Hedonic adaptation occurs for several reasons. One is an essential psychophysiological adaptation: the longer we are exposed to a stimulus, the less sensitive we are to it. For example, when someone first dips their hands in 50-degree water, they will feel cold. After a while, it will adapt to the temperature and will not find cold water anymore. Another reason for hedonic adaptation is attentional dilution. For example, after a person moves into a large apartment from a smaller one, they will enjoy the extra space, but soon their attention will shift from the house to many things—others, such as her and her crying baby.

Thus, the size of her new apartment was just one of many events that caused the ups and downs in her life. The third reason for hedonic adaptation is called 'ordering.' Once an emotional event has occurred, consumers tend to rationalize it, making it normal and thus reducing its emotional impact. This can happen with both positive and adverse events.

For example, if an auctioneer wins an auction of a painting on eBay, they might say to themselves, "That is no surprise. I pay a lot. If he outbids, he can justify losing by thinking, "That is not a pretty picture anyway." Hedonic adaptation mainly occurs when the new state remains stable, such as when a person is in a new apartment after moving or remains paralyzed after an accident. Another factor that influences a consumer's experience with a series of events over time is the distribution of events. Distributions can be positively or negatively skewed.

Option Effect

Many people believe that having a choice is always better than having none and that having more options is always better than having fewer. None of these beliefs are true. Research shows that if consumers have to experiment with one of many undesirable options, they feel less upset if someone else chooses them than if they had to make a choice themselves. For example, a consumer who is on a diet and can only eat foods she does not like will feel better if someone else chooses that meal for her than if she has to choose herself because choosing between unappetizing meals will cause negative feelings.

If consumers are offered a good choice, they will be satisfied, but if they are offered two good choices, they will perceive a disadvantage of each choice over the other and be less satisfied with the choice—one of two other options. For example, if someone wins a free trip to Paris, they will be happy; If someone wins a free trip to Hawaii, they will be happy. However, if you win a free trip and have to choose between Paris and Hawaii, you may be less happy because each choice has flaws over the other.
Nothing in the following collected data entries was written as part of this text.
Lemma max_value_lt (R : realFieldType) n (rho eps : R) t a :
  (0 < n)%N -> (n <= t)%N -> 0 < rho -> rho < 1 -> 0 < eps ->
  is_alpha_n rho n a -> max_value n rho eps t < a + eps * (1 - rho) ^- n.
Proof.
move=> n_gt0 le_nt rho_gt0 rho_lt1 eps_gt0 [_ alpha_le].
rewrite /max_value ler_ltD ?alpha_le // ltr_pM2l // sum_bin_rev //.
rewrite -div1r ltr_pdivlMr ?exprn_gt0 ?subr_gt0 // mulrC.
by have := sum_bin_geom_lt _ _ (n - 1)%N (t - n)%N rho_gt0 rho_lt1; rewrite subn1 prednK.
Qed.

Lemma expr1D_le_lin (R : realFieldType) (x : R) n :
  0 <= x -> x <= 1 -> (1 + x) ^+ n <= 1 + 3%:R ^+ n * x.
Proof.
move=> x_ge0 x_le1; elim: n => [|n IHn]; first by rewrite !expr0 mul1r lerDl.
have three_n_ge1 : 1 <= 3%:R ^+ n :> R by rewrite exprn_ege1 // ler1n.
rewrite exprSr exprS (le_trans (ler_wpM2r _ IHn)) ?addr_ge0 //.
set c := 3%:R ^+ n in three_n_ge1 *.
have : 0 <= (c - 1) * x + c * x * (1 - x).
  by rewrite addr_ge0 ?mulr_ge0 ?subr_ge0 // (le_trans ler01).
lra.
Qed.
(* On the Fourier mode [e(k x)] the transfer operator acts on [f : 'I_N -> C]
   as a matrix [B_eps], diagonal at [eps = 0] with entries [e(- k alpha_j)].
   (1) is the existence of a basis of generalised eigenvectors of [B_eps]: after
   a Schur triangularisation, the generalised eigenspaces have the dimensions
   of the multiplicities on the diagonal, and they span.
   (2) Because the rows of [Wdot] sum to zero, Gershgorin's discs put every
   eigenvalue within [2 eps |Wdot_jj|] of some [e(- k alpha_j)].  The number of
   eigenvalues near each value is obtained from the traces of the powers of
   [B_eps] by Lagrange interpolation; these traces are polynomial in [eps], so
   for small [eps] the counts agree with those at [eps = 0], which yields the
   labelling. *)

From HB Require Import structures.
From mathcomp Require Import all_boot all_order all_algebra.
From mathcomp Require Import all_classical all_reals.
From mathcomp Require Import trigo.
From mathcomp.real_closed Require Import complex.
From mathcomp Require Import spectral perm ring lra.
Set Implicit Arguments. Unset Strict Implicit. Unset Printing Implicit Defensive.
Import Order.TTheory GRing.Theory Num.Theory.
Local Open Scope ring_scope.

Lemma sum_count_mem_undup (T : eqType) (s : seq T) :
  (\sum_(x <- undup s) count_mem x s)%N = size s.
Proof.
rewrite -(perm_size (perm_count_undup s)) size_flatten /shape -map_comp.
by rewrite sumnE big_map; apply: eq_bigr => x _ /=; rewrite size_nseq.
Qed.

Section TriangularProducts.
Variables (R : pzRingType) (n : nat).
Implicit Types A B : 'M[R]_n.

Lemma trig_mulmx A B : is_trig_mx A -> is_trig_mx B ->
  is_trig_mx (A *m B) /\ forall i, (A *m B) i i = A i i * B i i.
Proof.
move=> /is_trig_mxP hA /is_trig_mxP hB; split.
  apply/is_trig_mxP => i j lij; rewrite !mxE big1 // => k _.
  case: (ltnP i k) => [lik|lki]; first by rewrite hA ?mul0r.
  by rewrite hB ?mulr0 //; exact: leq_ltn_trans lki lij.
move=> i; rewrite !mxE (bigD1 i) //= big1 ?addr0 // => k nki.
case: (ltngtP i k) => [lik|lki|eik]; first by rewrite hA ?mul0r.
  by rewrite hB ?mulr0.
by rewrite (ord_inj eik) eqxx in nki.
Qed.

Lemma trig_mxexp A m : is_trig_mx A ->
  is_trig_mx (A ^+ m) /\ forall i, (A ^+ m) i i = A i i ^+ m.
Proof.
move=> hA; elim: m => [|m [IH1 IH2]].
  rewrite expr0 (_ : 1 = 1%:M) //; split; first exact: scalar_mx_is_trig.
  by move=> i; rewrite !mxE eqxx.
rewrite exprS -mulmxE; have [h1 h2] := trig_mulmx hA IH1; split => // i.
by rewrite h2 IH2 exprS.
Qed.

Lemma trig_subr_scalar A a : is_trig_mx A ->
  is_trig_mx (A - a%:M) /\ forall i, (A - a%:M) i i = A i i - a.
Proof.
move=> /is_trig_mxP hA; split; last by move=> i; rewrite !mxE eqxx mulr1n.
apply/is_trig_mxP => i j lij.
by rewrite !mxE hA // (_ : i == j = false) ?mulr0n ?subr0 //; exact: ltn_eqF.
Qed.

End TriangularProducts.
(* Let $J$ be a bounded half-line Jacobi matrix with $0<\inf_na_n\le\sup_na_n<\infty$, let $\mathcal R$ be the set of its right limits, and let $K\subset\mathbb{R}$ be compact. Suppose that for each $x_0\in K$ and $J^{(r)}\in\mathcal R$ there is a (complex) solution $u^+=u^+(J^{(r)},x_0)$, $n\in\mathbb{Z}$, of $a^{(r)}_nu_{n+1}+b^{(r)}_nu_n+a^{(r)}_{n-1}u_{n-1}=x_0u_n$ such that (i) $\sup_{n\in\mathbb{Z},\,x_0\in K,\,J^{(r)}\in\mathcal R}|u^+_n(J^{(r)},x_0)|<\infty$, and (ii) $\inf_{x_0\in K,\,J^{(r)}\in\mathcal R}\ a_0^{(r)}\big|u_1^+\overline{u_0^+}-\overline{u_1^+}u_0^+\big|>0$. Then the Nevai condition holds for $J$ uniformly on $K$, i.e. $\sup_{x_0\in K}\ p_n(x_0)^2/K_n(x_0,x_0)\to0$ as $n\to\infty$ (and hence the Nevai condition holds at every $x_0\in K$).
   Context: A half-line Jacobi matrix $J$ with parameters $\{a_n,b_n\}_{n\ge1}$ ($a_n>0$) acts on $\ell^2(\{1,2,\dots\})$ by $J_{nn}=b_n$, $J_{n,n+1}=J_{n+1,n}=a_n$; $\rho$ is its spectral measure for $\delta_1$, $p_n$ ($n\ge0$) its orthonormal polynomials ($p_{-1}=0$, $p_0=1$, $xp_n=a_{n+1}p_{n+1}+b_{n+1}p_n+a_np_{n-1}$), and $K_n(x,y)=\sum_{j=0}^np_j(x)p_j(y)$. A two-sided sequence $\{a^{(r)}_n,b^{(r)}_n\}_{n\in\mathbb{Z}}$ is a right limit of $J$ if there are $m_j\to\infty$ with $a_{m_j+n}\to a^{(r)}_n$ and $b_{m_j+n}\to b^{(r)}_n$ for every $n\in\mathbb{Z}$; the corresponding two-sided Jacobi matrix is denoted $J^{(r)}$. The Nevai condition at $x_0$ means $K_n(x,x_0)^2\,d\rho(x)/K_n(x_0,x_0)\to\delta_{x_0}$ weakly. *)

From Stdlib Require Import Reals ZArith.
Open Scope R_scope.

Definition Cx := (R * R)%type.
Definition Cadd (z w : Cx) : Cx := (fst z + fst w, snd z + snd w).
Definition Csub (z w : Cx) : Cx := (fst z - fst w, snd z - snd w).
Definition Cmul (z w : Cx) : Cx :=
  (fst z * fst w - snd z * snd w, fst z * snd w + snd z * fst w).
Definition Cconj (z : Cx) : Cx := (fst z, - snd z).
Definition Cscal (r : R) (z : Cx) : Cx := (r * fst z, r * snd z).
Definition Cmod (z : Cx) : R := sqrt (fst z ^ 2 + snd z ^ 2).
Research also shows that Consumers will be less satisfied with their choice if they look closely at the options available than if they are not. In most cases, consumers can only choose one of the available options and must decline the others. Careful considerations can lead consumers to emotionally attach to all options, including those they must give up. So, choosing one person is like losing the other person to whom they already have an emotional attachment.


Hedonomics tells us how a customer can be happy or how to increase the level of customer happiness without any financial cost or entirely at a minimum. Finally, the direction of the seat in the car is significant. Likewise, consumers need to predict happiness maximization accurately. The consumer's happiness also depends on decisions outside of external stimuli. Therefore, each decision must be made optimally to maximize consumer happiness.